Plus, he added, there are country cafes, dozens of wineries, antique stores, and scores of old historic markers.

Lost Maples State Natural Area

On the trail at Lost Maples State Natural Area, Vanderpool, Texas. (Photo: mikemarvins.com)

“The Hill Country was one of the first places in the country where they brought exotics over from Africa and Asia for hunting purposes,” he said. “You can be on the backroads and see zebras and all kinds of antelopes – they’re all fenced in, but they’re still all over the place.”

He was riding around a few months ago, he said, looking for a good sunrise, and was amazed to see a magnificent herd of at least 75 Axis deer peacefully grazing in a field. That photograph, of course, is in the book.

Most of the book was just born of serendipitous rambling. But one theme kept coming up that inspired some deeper digging, and that was the story of the original German settlers, whose descendants still populate the region by the thousands. In making photographs, he’d start talking with the residents and find that their great-great-grandparents were among the first Europeans to settle those lands, and that they were basically pioneers – German settlers fleeing civil war and persecution at a time when Germany’s aristocracy was resisting any serious reform.
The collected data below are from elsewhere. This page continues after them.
Lemma phi_connected p q : gnode p -> gnode q -> exists n, twalk p q n (phi p ** phi q).
Proof.
  intros [[[|i] Hp] Hp1] [[[|j] Hq] Hq1]; try contradiction.
  destruct (phi_descent_to_leaf Hp) as (x & n1 & Hw1).
  destruct (phi_ascent_from_leaf Hq) as (z & n3 & Hw3).
  destruct (phi_leaves_connected x z) as (n2 & Hw2).
  exists (n1 + (n2 + n3)).
  replace (phi p ** phi q) with (phi p ** (phi (GX x) ** phi (GX z) ** phi q))
    by (rewrite !mul1A, (walk_last phi_gnode_idem Hw1), <- mul1A,
          (walk_head phi_gnode_idem Hw3); reflexivity).
  apply (walk_app phi_gnode_idem) with (GX x); [exact Hw1|].
  apply (walk_app phi_gnode_idem) with (GX z); assumption.
Qed.

Lemma skeleton_generated_regular (A : option M -> Prop) :
  (forall a, skeleton_of phi a <-> A a) -> forall s, generated mul A s -> gen_regular A s.
Proof.
  intros HA. apply generated_regular with (vertex := @gnode X) (e := phi) (child := @gchild X).
  - exact phi_gnode_idem.
  - exact phi_child_absorb.
  - exact phi_valley.
  - intros b. rewrite <- HA. unfold skeleton_of, gnode. firstorder.
  - exact phi_connected.
Qed.

Lemma phi_gnode_some : (forall x, exists s, phi (GX x) = Some s) ->
  forall g, gnode g -> exists s, phi g = Some s.
Proof.
  intros HX g [[i Hg] Hg1]. revert i Hg Hg1.
  induction g as [|x|l IHl c _ r _]; intros i Hg Hg1; [contradiction|apply HX|].
  destruct (Gamma_GT_inv Hg) as (j & -> & Hl & _).
  destruct (IHl _ Hl (proj2 (gnode_of_Gamma Hl))) as [sl Hsl].
  pose proof (phi_sandwich Hg) as (_ & Hfh & _).
  destruct (phi (GT l c r)) as [s|] eqn:Eg; [eauto|].
  rewrite Hsl in Hfh. destruct (phi c); discriminate.
Qed.

Lemma skeleton_generated_some (A : option M -> Prop) :
  (forall x, exists s, phi (GX x) = Some s) -> (forall a, skeleton_of phi a <-> A a) ->
  forall a, generated mul A a -> exists s, a = Some s.
Proof.
  intros HX HA a Ha. apply Ha.
  - intros b Hb. apply HA in Hb as (g & Hg & Hg1 & <-).
    now apply phi_gnode_some; [|split].
  - intros b c [sb ->] [sc ->]. now exists (mul sb sc).
Qed.

End SkeletonMapping.

Section SkeletonInRegularSubsemigroup.
Variable X : Type.
Variable phi' : X -> M.
Hypothesis phi'_idem : forall x, mul (phi' x) (phi' x) = phi' x.
Hypothesis phi'_inj : forall x y, phi' x = phi' y -> x = y.
Variable T : M -> Prop.
Hypothesis T_regular : regular_subsemigroup mul T.
Hypothesis T_phi' : forall x, T (phi' x).

Definition in_T (a : option M) := exists t, a = Some t /\ T t.

Lemma in_T_mul a b : in_T a -> in_T b -> in_T (a ** b).
Proof.
  intros (t & -> & Ht) (u & -> & Hu). exists (mul t u). split; [reflexivity|].
  now apply T_regular.
Qed.

Lemma sandwich_in_T e f : in_T e -> in_T f -> idem1 mul e -> idem1 mul f ->
  exists h, in_T h /\ sandwich mul e f h.
Proof.
  intros He Hf Hee Hff.
  destruct (in_T_mul He Hf) as (t & Ht & HTt).
  destruct (proj2 T_regular t HTt) as (x & HTx & Hx).
  assert (Hx' : in_T (Some x)) by now exists x.
  exists (f ** Some x ** (e ** f) ** Some x ** e). split.
  - repeat apply in_T_mul; auto.
  - apply sandwich_of_inverse; auto. rewrite Ht. simpl. now rewrite Hx.
Qed.

(* The default [None] is never chosen on Gamma(X): see [phiT_GT_spec]. *)
Definition pick_sandwich (e f : option M) : option M :=
  epsilon (inhabits None) (fun h => in_T h /\ sandwich mul e f h).

Fixpoint phiT (g : gtree X) : option M :=
  match g with
  | G1 => None
  | GX x => Some (phi' x)
  | GT l c r => pick_sandwich (phiT r ** phiT c) (phiT c ** phiT l)
  end.

Definition phiT_good (g : gtree X) :=
  idem1 mul (phiT g) /\ (g <> G1 -> in_T (phiT g)) /\
  (forall a, gchild a g -> phiT g ** phiT a ** phiT g = phiT g).

Lemma in_T_mul_good a g : in_T a -> phiT_good g -> in_T (a ** phiT g) /\ in_T (phiT g ** a).
Proof.
  intros Ha (_ & Hg & _). destruct (classic (g = G1)) as [-> | Hg1].
  - simpl. now rewrite mul1_none_r.
  - split; apply in_T_mul; auto.
Qed.

Lemma phiT_GT_spec j l c r : Gamma (S (S j)) (GT l c r) ->
  phiT_good l -> phiT_good c -> phiT_good r ->
  in_T (phiT (GT l c r)) /\
  sandwich mul (phiT r ** phiT c) (phiT c ** phiT l) (phiT (GT l c r)).
Proof.
  intros Hg Hl Hc Hr.
  destruct (Gamma_GT_inv Hg) as (j' & _ & Hlj & _ & Hrj & _ & Hcl & Hcr).
  destruct Hl as (_ & Hl_T & Hl_abs), Hr as (_ & Hr_T & Hr_abs).
  change (phiT (GT l c r)) with (pick_sandwich (phiT r ** phiT c) (phiT c ** phiT l)).
  unfold pick_sandwich. apply epsilon_spec, sandwich_in_T.
  - exact (proj1 (in_T_mul_good (Hr_T (proj2 (gnode_of_Gamma Hrj))) Hc)).
  - exact (proj2 (in_T_mul_good (Hl_T (proj2 (gnode_of_Gamma Hlj))) Hc)).
  - exact (proj1 (absorbed_products_idem (Hr_abs c Hcr))).
  - exact (proj2 (absorbed_products_idem (Hl_abs c Hcl))).
Qed.

Lemma phiT_good_Gamma g : forall i, Gamma i g -> phiT_good g.
Proof.
  induction g as [|x|l IHl c IHc r IHr]; intros i Hg.
  - split; [reflexivity|]. split; [easy|]. now intros a [-> | ->].
  - assert (Hx : idem1 mul (phiT (GX x))) by (unfold idem1; simpl; now rewrite phi'_idem).
    split; [exact Hx|]. split; [intros _; now exists (phi' x)|]. now intros a [-> | ->].
  - destruct (Gamma_GT_inv Hg) as (j & -> & Hl & Hc & Hr & _).
    pose proof (IHc _ Hc) as Hc_good.
    destruct (phiT_GT_spec Hg (IHl _ Hl) Hc_good (IHr _ Hr)) as [HT Hsw].
    split; [exact (proj1 Hsw)|]. split; [easy|].
    destruct (sandwich_absorbs (proj1 Hc_good) Hsw) as [Habs_l Habs_r].
    intros a [-> | ->]; cbn [glft grgt]; assumption.
Qed.

Lemma phiT_skeleton : skeleton_mapping mul phiT.
Proof.
  split; [|split; [|split; [|split]]].
  - intros g [i Hg]. exact (proj1 (phiT_good_Gamma Hg)).
  - intros x. now exists (phi' x).
  - intros x y E. injection E. apply phi'_inj.
  - easy.
  - intros i l c r Hg. destruct (Gamma_GT_inv Hg) as (j & _ & Hl & Hc & Hr & _).
    exact (proj2 (phiT_GT_spec Hg (phiT_good_Gamma Hl) (phiT_good_Gamma Hc)
                                  (phiT_good_Gamma Hr))).
Qed.

Lemma phiT_extends : extends phiT phi'.
Proof. now intros x. Qed.

Lemma phiT_gnode_in_T g : gnode g -> in_T (phiT g).
Proof. intros [[i Hg] Hg1]. exact (proj1 (proj2 (phiT_good_Gamma Hg)) Hg1). Qed.

Lemma skeleton_generated_sub (A : option M -> Prop) :
  (forall a, skeleton_of phiT a <-> A a) -> forall s, generated mul A (Some s) -> T s.
Proof.
  intros HA s Hs.
  assert (Hs_T : in_T (Some s)).
  { apply Hs; [|intros b c; apply in_T_mul].
    intros b Hb. apply HA in Hb as (g & Hg & Hg1 & <-).
    now apply phiT_gnode_in_T. }
  destruct Hs_T as (t & [= ->] & Ht). exact Ht.
Qed.

End SkeletonInRegularSubsemigroup.
End Skeletons.

Unset Implicit Arguments.

Theorem proposition5p6
  (S : Type) (mul : S -> S -> S)
  (mul_assoc : forall a b c, mul a (mul b c) = mul (mul a b) c)
  (X : Type) (X_nonempty : inhabited X)
  (phi' : X -> S)
  (phi'_inj : forall x y, phi' x = phi' y -> x = y)
  (phi'_idem : forall x, mul (phi' x) (phi' x) = phi' x)
  (A : option S -> Prop)
  (hA : unique_skeleton mul phi' A) :
  (* <A> is a subsemigroup of S ... *)
  (forall a, generated mul A a -> exists s, a = Some s) /\
  (* ... which is regular and contains X phi' ... *)
  regular_subsemigroup mul (fun s => generated mul A (Some s)) /\
  (forall x, generated mul A (Some (phi' x))) /\
  (* ... and is contained in every regular subsemigroup of S containing X phi' *)
  (forall T : S -> Prop, regular_subsemigroup mul T -> (forall x, T (phi' x)) ->
     forall s, generated mul A (Some s) -> T s) /\
  (* in particular, if <A> = S, then S is regular and has no proper regular
     subsemigroup containing X phi' *)
  ((forall s, generated mul A (Some s)) ->
     regular_semigroup mul /\
     (forall T : S -> Prop, regular_subsemigroup mul T -> (forall x, T (phi' x)) ->
        forall s, T s)).
Proof.
  destruct hA as [[phi [Hskel Hext]] Huniq].
  pose proof (Huniq phi Hskel Hext) as HA.
  destruct Hskel as (Hidem & HX & _ & Hunit & Hsand).
  assert (HA_some : forall a, generated mul A a -> exists s, a = Some s).
  { apply (skeleton_generated_some Hsand); [|exact HA].
    intros x. destruct (HX x) as (s & Hs & _). eauto. }
  assert (HA_min : forall T, regular_subsemigroup mul T -> (forall x, T (phi' x)) ->
    forall s, generated mul A (Some s) -> T s).
  { intros T HT HTphi. apply (skeleton_generated_sub mul_assoc phi'_idem HT HTphi).
    apply Huniq; [exact (phiT_skeleton mul_assoc phi'_idem phi'_inj HT HTphi)|].
    apply phiT_extends. }
  assert (HA_reg : regular_subsemigroup mul (fun s => generated mul A (Some s))).
  { split; [intros a b; apply generated_mul|].
    intros a Ha.
    destruct (skeleton_generated_regular mul_assoc Hidem Hunit Hsand HA Ha) as (b & Hb & Hab).
    destruct (HA_some b Hb) as [b' ->]. exists b'. split; [exact Hb|]. now injection Hab. }
  split; [exact HA_some|]. split; [exact HA_reg|]. split; [|split; [exact HA_min|]].
  - intros x T HAT _. apply HAT, HA. exists (GX x).
    rewrite Hext. now split; [exists 1; exists x|].
  - intros Hall. split.
    + intros a. destruct (proj2 HA_reg a (Hall a)) as (b & _ & Hb). eauto.
    + intros T HT HTphi s. exact (HA_min T HT HTphi s (Hall s)).
Qed.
This early German settlement has shaped the character of the Hill Country in some colorful and surprisingly authentic ways. Many of the communities founded by the German settlers in the 1850s are still intact and thriving – not just Fredericksburg and New Braunfels but Comfort, with its one hundred-plus historic buildings, and Luckenbach, the “Texas Outlaw Music capital of the world.”

The Texas Hill Country: A Photographic Adventure is due for release on Oct. 11 by Texas A&M Press. The book launch is Oct. 25 at the Kerr Arts and Cultural Center in Kerrville. On Oct. 27-28 he will be signing books at the Texas Book Festival on the Capitol grounds in Austin. It will be in bookstores and can be preordered now (mikemarvins.com).

The book, which includes contributions by Houston Chronicle columnist and editorial writer Joe Holley and the Harry Ransom Center’s Roy Flukinger, will undoubtedly bring back memories for many and inspire travel plans for many more. So now it’s time to grab your own camera, head for the hills and make some memories of your own.